START SUPPLIED MATERIAL

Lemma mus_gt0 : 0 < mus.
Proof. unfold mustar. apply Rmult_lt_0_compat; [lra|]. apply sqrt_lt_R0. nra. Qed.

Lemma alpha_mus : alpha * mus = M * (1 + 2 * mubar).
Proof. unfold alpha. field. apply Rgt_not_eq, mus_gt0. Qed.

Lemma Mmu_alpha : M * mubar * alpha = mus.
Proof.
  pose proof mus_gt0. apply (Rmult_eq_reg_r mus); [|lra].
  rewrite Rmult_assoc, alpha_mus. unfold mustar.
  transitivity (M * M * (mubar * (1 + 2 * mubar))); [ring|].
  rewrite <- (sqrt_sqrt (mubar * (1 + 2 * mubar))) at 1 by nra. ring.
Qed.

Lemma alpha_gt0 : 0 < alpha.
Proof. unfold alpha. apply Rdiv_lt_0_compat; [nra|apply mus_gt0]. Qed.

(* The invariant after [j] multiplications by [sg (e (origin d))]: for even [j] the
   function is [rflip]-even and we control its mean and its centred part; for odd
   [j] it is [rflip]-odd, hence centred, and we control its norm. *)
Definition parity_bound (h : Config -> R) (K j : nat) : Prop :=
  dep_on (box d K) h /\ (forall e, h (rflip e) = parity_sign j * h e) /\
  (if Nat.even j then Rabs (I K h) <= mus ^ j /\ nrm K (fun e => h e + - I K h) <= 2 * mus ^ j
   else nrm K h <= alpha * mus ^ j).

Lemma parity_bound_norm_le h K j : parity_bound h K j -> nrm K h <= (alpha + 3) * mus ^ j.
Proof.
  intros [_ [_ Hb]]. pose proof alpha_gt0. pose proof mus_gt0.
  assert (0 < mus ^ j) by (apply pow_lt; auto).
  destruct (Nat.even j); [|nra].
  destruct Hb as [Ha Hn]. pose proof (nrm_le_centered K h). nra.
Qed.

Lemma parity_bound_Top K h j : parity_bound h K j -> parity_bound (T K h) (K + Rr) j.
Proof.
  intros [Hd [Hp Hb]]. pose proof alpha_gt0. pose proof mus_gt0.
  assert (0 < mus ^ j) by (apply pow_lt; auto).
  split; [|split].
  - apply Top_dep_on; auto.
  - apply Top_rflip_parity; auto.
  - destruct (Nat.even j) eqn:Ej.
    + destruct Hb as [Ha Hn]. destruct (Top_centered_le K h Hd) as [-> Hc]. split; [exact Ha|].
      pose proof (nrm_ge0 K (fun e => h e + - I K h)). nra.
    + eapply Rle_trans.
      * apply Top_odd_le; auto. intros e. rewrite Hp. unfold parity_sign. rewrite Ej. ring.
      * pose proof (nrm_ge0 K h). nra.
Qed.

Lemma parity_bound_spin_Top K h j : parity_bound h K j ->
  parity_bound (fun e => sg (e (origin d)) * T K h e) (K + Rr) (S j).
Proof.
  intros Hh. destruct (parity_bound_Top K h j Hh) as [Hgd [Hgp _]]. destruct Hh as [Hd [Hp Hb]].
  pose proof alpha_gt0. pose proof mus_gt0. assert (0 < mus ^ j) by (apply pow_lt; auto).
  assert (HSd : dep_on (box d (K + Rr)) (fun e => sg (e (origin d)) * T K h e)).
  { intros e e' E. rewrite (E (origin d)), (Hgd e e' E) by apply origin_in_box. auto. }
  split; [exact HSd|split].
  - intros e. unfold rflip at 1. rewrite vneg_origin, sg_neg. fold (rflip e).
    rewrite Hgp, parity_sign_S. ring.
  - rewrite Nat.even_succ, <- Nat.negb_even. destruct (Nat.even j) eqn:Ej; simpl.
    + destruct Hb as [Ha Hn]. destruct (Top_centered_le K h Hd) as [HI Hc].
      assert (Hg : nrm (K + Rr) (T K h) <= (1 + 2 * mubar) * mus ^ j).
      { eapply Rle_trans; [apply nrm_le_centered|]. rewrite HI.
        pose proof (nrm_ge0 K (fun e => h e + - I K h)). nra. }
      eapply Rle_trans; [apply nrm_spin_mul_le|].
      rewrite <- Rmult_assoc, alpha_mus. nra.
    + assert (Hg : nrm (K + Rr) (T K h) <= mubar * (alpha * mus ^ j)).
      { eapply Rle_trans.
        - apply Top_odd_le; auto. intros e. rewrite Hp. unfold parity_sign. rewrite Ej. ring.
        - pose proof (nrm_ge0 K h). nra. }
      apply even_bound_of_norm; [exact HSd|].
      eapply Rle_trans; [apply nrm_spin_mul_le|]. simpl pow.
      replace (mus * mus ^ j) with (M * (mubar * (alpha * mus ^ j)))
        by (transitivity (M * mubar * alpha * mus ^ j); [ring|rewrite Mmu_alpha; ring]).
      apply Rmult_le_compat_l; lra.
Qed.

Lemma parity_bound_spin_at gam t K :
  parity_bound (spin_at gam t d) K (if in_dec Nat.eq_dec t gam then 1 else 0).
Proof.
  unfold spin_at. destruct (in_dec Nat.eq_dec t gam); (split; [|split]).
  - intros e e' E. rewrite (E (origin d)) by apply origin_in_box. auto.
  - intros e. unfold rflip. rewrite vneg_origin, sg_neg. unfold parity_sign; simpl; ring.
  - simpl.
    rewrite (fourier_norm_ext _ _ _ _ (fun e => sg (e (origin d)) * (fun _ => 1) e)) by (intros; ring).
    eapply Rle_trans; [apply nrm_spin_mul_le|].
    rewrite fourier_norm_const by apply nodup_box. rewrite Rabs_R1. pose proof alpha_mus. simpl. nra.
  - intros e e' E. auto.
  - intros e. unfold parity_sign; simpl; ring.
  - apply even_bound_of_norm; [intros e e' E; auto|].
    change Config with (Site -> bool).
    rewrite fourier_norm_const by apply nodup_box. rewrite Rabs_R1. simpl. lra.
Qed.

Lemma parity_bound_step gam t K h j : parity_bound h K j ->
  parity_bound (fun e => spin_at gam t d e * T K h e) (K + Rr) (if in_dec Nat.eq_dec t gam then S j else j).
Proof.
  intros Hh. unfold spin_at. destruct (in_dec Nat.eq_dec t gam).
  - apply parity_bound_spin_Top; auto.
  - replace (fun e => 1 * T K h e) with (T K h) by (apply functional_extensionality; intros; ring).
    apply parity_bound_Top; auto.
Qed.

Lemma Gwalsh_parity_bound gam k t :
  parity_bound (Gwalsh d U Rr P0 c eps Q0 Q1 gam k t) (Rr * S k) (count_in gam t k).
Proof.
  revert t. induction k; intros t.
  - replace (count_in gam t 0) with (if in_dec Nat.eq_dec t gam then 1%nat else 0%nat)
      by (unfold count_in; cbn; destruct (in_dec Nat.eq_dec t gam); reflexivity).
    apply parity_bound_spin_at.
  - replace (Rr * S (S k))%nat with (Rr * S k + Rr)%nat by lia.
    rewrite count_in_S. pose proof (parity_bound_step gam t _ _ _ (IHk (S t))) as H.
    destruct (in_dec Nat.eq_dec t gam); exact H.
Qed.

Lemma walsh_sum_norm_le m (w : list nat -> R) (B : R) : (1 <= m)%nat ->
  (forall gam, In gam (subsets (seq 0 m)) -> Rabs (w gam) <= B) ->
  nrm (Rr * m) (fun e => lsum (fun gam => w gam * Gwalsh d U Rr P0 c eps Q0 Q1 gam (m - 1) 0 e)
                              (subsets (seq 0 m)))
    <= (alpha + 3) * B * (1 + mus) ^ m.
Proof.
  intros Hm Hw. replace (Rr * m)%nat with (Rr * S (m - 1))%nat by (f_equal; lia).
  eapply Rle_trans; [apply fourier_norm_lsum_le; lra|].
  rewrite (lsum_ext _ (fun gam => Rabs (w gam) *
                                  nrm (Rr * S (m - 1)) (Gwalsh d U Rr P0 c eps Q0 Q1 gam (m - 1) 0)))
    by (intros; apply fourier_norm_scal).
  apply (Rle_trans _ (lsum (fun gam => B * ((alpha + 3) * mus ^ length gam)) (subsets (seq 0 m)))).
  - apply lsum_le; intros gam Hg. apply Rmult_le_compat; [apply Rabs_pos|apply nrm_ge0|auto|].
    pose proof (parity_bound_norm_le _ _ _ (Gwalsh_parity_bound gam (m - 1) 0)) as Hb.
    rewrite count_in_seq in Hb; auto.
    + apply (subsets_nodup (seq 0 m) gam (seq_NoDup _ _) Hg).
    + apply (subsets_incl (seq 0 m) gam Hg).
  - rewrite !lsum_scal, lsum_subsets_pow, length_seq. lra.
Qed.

END SUPPLIED MATERIAL

* **PROBLEM DETAILS**
Word for word, restate the lines of the data above that fall between the line holding "rewrite count_in_S. pose" and the line holding "intros Hm Hw.", inclusive, and no other lines.

* **PROBLEM SOLUTION**
    rewrite count_in_S. pose proof (parity_bound_step gam t _ _ _ (IHk (S t))) as H.
    destruct (in_dec Nat.eq_dec t gam); exact H.
Qed.

Lemma walsh_sum_norm_le m (w : list nat -> R) (B : R) : (1 <= m)%nat ->
  (forall gam, In gam (subsets (seq 0 m)) -> Rabs (w gam) <= B) ->
  nrm (Rr * m) (fun e => lsum (fun gam => w gam * Gwalsh d U Rr P0 c eps Q0 Q1 gam (m - 1) 0 e)
                              (subsets (seq 0 m)))
    <= (alpha + 3) * B * (1 + mus) ^ m.
Proof.
  intros Hm Hw. replace (Rr * m)%nat with (Rr * S (m - 1))%nat by (f_equal; lia).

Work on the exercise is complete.